# Saved entries
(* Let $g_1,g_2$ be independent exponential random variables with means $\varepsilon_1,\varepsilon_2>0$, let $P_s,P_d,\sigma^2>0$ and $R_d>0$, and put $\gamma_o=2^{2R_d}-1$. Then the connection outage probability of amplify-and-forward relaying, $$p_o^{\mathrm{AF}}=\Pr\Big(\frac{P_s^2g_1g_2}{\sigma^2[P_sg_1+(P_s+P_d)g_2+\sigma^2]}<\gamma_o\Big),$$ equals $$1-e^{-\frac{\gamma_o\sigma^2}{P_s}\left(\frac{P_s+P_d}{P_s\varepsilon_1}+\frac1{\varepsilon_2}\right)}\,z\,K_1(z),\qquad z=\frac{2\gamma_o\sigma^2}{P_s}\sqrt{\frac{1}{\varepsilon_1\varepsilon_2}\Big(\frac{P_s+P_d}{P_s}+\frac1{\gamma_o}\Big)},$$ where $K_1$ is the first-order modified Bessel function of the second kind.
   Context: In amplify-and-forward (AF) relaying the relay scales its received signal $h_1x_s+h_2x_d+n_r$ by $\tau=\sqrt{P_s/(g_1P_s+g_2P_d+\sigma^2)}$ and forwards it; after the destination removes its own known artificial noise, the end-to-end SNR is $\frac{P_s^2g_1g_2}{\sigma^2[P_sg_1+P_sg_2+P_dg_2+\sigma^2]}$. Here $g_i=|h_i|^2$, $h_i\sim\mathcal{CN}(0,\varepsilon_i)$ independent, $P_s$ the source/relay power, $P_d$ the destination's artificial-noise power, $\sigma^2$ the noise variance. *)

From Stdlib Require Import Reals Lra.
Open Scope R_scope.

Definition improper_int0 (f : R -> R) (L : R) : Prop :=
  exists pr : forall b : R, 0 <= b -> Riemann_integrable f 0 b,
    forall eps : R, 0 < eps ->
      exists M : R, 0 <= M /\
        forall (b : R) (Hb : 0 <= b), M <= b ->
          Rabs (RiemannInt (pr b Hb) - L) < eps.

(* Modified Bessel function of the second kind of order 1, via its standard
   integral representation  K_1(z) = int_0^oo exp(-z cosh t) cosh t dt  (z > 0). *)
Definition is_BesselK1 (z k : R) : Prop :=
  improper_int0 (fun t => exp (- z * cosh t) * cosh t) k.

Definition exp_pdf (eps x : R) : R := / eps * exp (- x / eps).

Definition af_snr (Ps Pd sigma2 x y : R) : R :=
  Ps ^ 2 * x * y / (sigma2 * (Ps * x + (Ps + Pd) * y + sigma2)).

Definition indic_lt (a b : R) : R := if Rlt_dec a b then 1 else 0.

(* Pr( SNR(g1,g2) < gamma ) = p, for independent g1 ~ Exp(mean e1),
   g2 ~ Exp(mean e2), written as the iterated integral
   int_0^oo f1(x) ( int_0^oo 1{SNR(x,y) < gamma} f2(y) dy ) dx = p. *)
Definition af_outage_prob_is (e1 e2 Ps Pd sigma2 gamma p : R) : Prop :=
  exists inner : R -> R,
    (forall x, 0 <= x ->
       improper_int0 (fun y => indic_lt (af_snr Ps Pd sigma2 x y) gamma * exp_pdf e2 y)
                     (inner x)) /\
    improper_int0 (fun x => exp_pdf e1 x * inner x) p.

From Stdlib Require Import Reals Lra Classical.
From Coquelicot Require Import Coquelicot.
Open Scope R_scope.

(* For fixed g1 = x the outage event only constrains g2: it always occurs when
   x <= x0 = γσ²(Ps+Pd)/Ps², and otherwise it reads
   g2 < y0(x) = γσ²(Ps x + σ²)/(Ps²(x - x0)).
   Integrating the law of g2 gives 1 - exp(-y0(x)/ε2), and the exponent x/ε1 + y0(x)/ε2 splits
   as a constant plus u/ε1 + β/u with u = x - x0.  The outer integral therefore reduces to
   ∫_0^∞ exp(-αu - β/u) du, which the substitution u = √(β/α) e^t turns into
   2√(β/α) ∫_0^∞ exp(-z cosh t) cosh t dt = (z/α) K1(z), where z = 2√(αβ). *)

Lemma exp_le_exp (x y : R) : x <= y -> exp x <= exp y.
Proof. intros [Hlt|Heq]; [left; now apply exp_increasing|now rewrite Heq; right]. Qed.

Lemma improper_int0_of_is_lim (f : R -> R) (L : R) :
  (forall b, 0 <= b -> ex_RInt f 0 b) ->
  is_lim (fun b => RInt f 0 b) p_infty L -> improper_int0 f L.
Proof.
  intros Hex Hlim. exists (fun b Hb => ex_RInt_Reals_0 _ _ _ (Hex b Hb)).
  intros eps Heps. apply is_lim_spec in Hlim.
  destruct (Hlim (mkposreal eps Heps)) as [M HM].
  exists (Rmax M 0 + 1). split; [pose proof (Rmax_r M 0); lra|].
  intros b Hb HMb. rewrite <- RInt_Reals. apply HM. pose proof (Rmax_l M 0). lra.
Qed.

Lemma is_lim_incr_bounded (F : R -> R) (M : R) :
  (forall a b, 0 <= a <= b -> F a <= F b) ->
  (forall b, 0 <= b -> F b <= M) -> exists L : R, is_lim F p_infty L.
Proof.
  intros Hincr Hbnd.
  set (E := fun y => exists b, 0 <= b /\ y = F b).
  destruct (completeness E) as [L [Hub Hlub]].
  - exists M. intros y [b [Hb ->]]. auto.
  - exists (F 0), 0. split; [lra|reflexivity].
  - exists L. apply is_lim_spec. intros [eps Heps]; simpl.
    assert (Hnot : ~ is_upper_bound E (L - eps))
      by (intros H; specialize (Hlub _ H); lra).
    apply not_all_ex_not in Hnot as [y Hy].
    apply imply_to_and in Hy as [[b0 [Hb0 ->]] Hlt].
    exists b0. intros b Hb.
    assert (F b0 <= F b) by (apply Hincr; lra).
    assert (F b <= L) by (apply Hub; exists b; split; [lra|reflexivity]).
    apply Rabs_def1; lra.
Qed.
--
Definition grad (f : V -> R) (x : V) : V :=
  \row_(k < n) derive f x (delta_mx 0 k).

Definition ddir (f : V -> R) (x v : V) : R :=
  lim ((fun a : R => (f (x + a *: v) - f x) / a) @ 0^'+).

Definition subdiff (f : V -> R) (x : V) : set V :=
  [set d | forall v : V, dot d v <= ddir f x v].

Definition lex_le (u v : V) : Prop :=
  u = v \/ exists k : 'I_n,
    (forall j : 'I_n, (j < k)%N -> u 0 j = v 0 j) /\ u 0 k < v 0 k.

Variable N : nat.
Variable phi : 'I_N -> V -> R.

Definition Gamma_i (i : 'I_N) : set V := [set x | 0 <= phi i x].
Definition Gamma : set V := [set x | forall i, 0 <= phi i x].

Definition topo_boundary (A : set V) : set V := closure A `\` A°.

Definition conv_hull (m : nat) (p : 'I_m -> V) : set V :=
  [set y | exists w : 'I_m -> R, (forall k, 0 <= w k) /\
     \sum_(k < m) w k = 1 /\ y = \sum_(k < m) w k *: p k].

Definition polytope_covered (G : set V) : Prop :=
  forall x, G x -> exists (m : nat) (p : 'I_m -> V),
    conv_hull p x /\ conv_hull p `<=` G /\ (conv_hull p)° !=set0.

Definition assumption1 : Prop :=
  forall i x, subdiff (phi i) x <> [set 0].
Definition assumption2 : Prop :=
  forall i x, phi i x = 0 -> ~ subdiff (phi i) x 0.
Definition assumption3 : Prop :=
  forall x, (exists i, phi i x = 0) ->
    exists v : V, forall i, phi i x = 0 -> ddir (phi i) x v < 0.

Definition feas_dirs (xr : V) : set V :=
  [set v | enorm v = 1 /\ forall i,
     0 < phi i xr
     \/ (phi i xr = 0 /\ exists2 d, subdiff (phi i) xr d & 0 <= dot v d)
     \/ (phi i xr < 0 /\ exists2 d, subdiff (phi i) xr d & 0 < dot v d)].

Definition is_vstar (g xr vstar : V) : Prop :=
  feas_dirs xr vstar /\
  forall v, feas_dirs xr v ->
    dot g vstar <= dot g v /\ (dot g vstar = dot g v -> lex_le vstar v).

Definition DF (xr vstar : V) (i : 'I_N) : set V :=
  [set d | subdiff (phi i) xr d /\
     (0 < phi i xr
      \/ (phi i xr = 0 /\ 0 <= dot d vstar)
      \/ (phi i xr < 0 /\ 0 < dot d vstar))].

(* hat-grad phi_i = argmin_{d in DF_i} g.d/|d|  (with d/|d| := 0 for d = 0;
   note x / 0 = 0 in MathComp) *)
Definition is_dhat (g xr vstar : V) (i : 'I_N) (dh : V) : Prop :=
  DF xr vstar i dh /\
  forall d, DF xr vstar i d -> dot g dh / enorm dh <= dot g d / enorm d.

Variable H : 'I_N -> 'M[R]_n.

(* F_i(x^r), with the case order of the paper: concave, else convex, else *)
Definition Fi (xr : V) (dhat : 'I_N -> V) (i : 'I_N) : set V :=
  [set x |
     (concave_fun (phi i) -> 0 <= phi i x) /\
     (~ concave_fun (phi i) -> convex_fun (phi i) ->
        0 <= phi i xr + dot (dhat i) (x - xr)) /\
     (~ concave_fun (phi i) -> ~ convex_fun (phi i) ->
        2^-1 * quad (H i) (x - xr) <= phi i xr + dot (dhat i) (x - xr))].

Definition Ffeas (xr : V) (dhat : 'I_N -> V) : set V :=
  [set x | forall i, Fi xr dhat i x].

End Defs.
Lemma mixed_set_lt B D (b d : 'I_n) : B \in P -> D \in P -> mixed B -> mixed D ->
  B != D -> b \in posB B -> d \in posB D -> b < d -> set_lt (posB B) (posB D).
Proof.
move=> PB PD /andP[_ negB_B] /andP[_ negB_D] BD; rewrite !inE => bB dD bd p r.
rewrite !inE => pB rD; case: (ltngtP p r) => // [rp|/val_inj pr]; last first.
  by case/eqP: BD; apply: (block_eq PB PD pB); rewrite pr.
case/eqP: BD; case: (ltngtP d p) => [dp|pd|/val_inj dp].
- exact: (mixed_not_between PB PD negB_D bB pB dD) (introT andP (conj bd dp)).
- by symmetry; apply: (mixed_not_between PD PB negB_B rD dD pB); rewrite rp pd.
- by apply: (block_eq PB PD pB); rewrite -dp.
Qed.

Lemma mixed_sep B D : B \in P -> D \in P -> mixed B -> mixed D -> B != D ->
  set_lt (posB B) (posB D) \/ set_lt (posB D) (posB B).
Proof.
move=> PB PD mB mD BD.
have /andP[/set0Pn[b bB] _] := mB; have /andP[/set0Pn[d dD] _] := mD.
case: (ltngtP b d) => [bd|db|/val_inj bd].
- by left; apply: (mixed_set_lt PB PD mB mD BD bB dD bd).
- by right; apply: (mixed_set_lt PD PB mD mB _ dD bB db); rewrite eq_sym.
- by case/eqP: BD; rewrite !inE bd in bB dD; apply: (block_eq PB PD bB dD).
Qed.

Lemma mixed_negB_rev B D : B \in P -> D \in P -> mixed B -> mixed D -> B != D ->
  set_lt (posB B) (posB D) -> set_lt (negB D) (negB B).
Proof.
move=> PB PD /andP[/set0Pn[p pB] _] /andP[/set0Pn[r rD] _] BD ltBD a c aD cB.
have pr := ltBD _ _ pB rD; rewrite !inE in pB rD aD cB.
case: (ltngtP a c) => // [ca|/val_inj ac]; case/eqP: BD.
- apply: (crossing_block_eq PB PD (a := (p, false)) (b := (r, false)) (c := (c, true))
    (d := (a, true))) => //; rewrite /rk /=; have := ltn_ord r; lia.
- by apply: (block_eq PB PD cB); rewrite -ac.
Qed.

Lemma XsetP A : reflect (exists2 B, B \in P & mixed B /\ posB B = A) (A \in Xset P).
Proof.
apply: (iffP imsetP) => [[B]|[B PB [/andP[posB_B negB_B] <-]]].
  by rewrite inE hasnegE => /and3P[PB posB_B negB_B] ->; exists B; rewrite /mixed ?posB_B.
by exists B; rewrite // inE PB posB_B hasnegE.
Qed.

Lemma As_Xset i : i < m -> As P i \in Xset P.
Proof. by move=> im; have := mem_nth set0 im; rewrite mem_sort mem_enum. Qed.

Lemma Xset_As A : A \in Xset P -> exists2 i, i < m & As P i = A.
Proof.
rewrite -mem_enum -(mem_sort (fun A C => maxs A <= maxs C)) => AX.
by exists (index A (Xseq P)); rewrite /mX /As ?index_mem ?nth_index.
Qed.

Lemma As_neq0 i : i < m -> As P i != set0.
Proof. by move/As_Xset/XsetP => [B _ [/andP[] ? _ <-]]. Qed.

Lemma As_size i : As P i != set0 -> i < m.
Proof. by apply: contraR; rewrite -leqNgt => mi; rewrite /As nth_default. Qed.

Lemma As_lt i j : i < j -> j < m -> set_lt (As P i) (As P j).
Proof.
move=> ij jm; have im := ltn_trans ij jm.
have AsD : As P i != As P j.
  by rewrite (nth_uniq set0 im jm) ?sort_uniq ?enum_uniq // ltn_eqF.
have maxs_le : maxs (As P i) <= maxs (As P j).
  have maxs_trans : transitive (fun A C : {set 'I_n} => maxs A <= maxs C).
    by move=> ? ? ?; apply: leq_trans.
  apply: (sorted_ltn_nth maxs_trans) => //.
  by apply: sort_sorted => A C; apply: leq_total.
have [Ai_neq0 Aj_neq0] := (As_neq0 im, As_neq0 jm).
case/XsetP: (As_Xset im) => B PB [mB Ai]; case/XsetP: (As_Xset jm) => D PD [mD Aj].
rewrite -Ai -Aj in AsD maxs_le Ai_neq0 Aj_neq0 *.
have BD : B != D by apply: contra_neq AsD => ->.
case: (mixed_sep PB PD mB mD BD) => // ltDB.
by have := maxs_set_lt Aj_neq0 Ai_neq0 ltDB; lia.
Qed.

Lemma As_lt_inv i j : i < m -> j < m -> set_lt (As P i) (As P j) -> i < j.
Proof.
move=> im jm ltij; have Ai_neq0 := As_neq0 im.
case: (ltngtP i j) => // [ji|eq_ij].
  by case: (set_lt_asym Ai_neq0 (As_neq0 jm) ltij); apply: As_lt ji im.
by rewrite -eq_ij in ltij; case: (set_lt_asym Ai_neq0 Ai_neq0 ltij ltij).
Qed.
---
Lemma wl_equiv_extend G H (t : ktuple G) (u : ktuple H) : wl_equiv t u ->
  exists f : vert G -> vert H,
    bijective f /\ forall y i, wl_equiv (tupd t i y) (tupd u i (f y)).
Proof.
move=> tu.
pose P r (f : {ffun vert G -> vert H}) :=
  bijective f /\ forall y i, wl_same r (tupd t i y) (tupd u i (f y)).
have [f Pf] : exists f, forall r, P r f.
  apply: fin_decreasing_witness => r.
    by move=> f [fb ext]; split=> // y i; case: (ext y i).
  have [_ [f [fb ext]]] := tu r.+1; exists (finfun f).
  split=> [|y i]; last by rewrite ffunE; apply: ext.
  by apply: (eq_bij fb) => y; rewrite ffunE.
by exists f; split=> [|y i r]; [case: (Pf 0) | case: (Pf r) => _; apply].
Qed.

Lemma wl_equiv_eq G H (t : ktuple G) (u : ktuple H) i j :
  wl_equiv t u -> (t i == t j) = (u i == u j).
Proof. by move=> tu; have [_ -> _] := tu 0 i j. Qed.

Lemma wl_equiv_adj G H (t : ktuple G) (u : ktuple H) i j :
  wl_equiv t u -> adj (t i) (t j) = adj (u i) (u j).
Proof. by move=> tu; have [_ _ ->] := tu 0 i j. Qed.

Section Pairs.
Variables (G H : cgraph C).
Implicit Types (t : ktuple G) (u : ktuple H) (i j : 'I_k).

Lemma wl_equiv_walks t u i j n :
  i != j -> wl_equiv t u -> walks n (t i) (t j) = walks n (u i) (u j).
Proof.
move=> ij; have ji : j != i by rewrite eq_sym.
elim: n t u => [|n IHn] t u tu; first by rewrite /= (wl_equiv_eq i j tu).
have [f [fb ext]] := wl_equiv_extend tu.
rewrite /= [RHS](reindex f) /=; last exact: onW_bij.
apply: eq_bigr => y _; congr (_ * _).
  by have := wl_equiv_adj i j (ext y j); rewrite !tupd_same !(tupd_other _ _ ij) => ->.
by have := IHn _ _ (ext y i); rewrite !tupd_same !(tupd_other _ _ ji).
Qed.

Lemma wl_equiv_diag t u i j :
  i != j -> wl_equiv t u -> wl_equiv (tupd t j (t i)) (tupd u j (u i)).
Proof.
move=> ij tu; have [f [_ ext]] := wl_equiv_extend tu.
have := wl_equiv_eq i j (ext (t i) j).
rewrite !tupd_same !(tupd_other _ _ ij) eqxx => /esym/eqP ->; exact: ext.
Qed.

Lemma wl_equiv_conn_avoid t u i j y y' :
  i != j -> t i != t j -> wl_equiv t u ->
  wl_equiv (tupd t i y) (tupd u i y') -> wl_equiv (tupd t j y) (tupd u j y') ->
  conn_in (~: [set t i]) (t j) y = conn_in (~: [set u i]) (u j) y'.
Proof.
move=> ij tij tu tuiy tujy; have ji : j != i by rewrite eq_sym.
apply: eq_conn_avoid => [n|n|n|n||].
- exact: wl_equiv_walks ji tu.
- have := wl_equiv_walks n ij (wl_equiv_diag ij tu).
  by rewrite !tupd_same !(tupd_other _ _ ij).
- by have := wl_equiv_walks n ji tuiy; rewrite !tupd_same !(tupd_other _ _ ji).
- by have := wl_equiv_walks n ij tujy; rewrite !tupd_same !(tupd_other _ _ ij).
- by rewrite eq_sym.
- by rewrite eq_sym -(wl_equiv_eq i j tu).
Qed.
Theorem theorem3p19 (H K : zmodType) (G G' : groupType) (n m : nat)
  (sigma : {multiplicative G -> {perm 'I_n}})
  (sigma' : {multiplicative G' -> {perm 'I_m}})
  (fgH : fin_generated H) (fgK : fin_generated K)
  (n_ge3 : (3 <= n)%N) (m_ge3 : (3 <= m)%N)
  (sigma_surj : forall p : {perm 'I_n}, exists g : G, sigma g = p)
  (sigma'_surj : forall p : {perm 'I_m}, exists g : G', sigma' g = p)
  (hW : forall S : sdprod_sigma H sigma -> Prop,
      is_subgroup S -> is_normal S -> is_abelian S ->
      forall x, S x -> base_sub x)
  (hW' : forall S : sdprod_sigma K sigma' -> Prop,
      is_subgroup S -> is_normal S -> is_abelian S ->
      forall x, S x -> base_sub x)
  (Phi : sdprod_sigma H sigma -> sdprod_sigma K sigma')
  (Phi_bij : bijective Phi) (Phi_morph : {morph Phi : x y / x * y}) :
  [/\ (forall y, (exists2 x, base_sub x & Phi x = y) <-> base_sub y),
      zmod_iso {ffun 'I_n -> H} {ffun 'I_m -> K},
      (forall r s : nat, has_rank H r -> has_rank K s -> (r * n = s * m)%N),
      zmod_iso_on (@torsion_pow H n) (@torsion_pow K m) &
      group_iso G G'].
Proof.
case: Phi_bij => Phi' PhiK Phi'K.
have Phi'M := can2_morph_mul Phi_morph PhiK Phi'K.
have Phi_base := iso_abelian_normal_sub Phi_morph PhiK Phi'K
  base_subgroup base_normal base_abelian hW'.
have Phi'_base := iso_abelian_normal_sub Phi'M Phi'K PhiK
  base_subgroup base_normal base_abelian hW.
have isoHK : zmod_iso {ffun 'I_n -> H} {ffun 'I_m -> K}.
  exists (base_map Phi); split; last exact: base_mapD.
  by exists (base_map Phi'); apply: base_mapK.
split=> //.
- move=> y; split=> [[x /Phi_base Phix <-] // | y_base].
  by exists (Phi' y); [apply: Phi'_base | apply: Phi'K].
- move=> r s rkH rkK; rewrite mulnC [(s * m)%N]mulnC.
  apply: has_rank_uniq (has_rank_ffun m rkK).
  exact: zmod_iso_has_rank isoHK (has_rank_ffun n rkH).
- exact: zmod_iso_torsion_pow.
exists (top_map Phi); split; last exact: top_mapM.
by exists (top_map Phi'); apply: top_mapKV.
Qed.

# EXERCISE BRIEF
Which lines of the records above hold the word "multiplicative"? Copy each one out.

# EXERCISE SOLUTION
  (sigma : {multiplicative G -> {perm 'I_n}})
  (sigma' : {multiplicative G' -> {perm 'I_m}})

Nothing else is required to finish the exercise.